EXTRACTED RECORDS.

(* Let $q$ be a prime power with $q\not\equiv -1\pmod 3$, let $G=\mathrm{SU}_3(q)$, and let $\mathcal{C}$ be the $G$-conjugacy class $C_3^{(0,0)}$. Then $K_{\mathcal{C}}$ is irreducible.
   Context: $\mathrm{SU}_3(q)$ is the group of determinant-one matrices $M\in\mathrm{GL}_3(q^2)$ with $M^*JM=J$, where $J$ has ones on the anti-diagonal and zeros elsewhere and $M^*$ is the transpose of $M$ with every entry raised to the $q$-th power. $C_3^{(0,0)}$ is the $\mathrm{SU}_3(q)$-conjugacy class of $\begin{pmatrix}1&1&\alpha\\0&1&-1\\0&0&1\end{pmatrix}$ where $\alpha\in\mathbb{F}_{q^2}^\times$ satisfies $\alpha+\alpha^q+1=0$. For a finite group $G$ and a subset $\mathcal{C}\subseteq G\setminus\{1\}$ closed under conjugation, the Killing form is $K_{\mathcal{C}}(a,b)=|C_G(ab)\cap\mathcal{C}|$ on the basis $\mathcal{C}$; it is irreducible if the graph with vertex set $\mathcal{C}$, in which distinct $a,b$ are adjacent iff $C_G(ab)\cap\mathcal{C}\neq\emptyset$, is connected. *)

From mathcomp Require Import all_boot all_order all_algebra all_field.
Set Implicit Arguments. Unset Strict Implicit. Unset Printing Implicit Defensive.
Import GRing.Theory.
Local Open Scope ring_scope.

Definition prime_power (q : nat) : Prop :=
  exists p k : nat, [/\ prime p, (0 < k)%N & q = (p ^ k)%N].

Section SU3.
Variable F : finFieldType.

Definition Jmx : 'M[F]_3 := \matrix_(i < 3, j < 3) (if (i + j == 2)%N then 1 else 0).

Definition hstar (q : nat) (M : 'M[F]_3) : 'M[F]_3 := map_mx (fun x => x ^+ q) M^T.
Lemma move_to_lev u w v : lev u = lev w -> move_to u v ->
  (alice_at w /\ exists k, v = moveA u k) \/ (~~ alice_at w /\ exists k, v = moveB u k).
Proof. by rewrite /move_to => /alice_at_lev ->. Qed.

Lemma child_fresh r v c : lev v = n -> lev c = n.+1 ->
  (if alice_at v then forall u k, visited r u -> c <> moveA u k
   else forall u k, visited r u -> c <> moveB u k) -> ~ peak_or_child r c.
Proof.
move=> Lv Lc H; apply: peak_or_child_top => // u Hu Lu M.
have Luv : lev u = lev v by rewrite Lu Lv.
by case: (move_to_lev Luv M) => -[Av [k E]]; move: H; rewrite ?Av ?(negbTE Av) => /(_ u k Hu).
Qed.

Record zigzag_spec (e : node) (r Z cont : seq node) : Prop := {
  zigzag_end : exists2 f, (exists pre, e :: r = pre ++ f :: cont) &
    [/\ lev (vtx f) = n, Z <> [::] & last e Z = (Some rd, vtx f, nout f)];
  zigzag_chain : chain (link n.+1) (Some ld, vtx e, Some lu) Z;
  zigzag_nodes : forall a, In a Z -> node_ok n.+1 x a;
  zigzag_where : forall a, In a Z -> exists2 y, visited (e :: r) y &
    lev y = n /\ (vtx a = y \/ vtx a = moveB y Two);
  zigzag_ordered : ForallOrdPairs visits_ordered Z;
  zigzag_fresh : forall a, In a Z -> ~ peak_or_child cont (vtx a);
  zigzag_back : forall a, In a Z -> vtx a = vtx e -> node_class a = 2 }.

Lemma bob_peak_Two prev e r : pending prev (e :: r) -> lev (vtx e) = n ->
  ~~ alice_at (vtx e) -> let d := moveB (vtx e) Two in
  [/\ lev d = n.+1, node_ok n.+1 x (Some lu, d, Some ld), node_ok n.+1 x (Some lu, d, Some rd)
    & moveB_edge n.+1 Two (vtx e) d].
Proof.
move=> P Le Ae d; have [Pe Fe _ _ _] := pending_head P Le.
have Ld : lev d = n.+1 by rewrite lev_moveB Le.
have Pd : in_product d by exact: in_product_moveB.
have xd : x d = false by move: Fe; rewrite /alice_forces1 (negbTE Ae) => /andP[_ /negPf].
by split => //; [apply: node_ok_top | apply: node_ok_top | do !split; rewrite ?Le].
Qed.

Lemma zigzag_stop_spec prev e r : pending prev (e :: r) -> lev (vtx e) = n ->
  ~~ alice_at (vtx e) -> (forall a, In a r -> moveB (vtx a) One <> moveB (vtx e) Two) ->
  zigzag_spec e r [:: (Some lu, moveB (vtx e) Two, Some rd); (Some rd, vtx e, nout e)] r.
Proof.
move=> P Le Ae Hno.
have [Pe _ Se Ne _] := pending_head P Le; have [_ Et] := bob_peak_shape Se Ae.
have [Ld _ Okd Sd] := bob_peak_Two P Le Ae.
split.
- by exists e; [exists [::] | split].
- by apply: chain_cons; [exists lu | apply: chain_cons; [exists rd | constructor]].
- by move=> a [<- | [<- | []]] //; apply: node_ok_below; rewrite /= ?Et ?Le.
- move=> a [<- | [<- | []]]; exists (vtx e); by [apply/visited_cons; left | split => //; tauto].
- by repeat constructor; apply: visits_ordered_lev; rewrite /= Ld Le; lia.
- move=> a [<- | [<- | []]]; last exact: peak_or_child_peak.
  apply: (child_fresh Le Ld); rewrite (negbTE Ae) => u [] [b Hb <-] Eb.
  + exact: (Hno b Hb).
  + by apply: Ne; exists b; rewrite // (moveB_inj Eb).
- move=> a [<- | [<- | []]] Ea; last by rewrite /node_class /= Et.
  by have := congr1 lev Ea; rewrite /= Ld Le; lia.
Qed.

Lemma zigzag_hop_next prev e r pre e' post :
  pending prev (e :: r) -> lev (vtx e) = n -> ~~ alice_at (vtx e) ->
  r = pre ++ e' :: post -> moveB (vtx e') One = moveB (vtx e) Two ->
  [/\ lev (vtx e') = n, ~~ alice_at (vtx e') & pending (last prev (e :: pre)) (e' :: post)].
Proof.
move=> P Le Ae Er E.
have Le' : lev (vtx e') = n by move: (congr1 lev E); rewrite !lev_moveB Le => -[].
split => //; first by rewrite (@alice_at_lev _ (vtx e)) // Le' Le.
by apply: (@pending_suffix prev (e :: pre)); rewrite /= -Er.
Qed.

HOW TO COMPLETE THIS TASK. Your reply should be one number: how many lines in the listing hold the word "Prop".

RESPONSE TO THE TASK. 2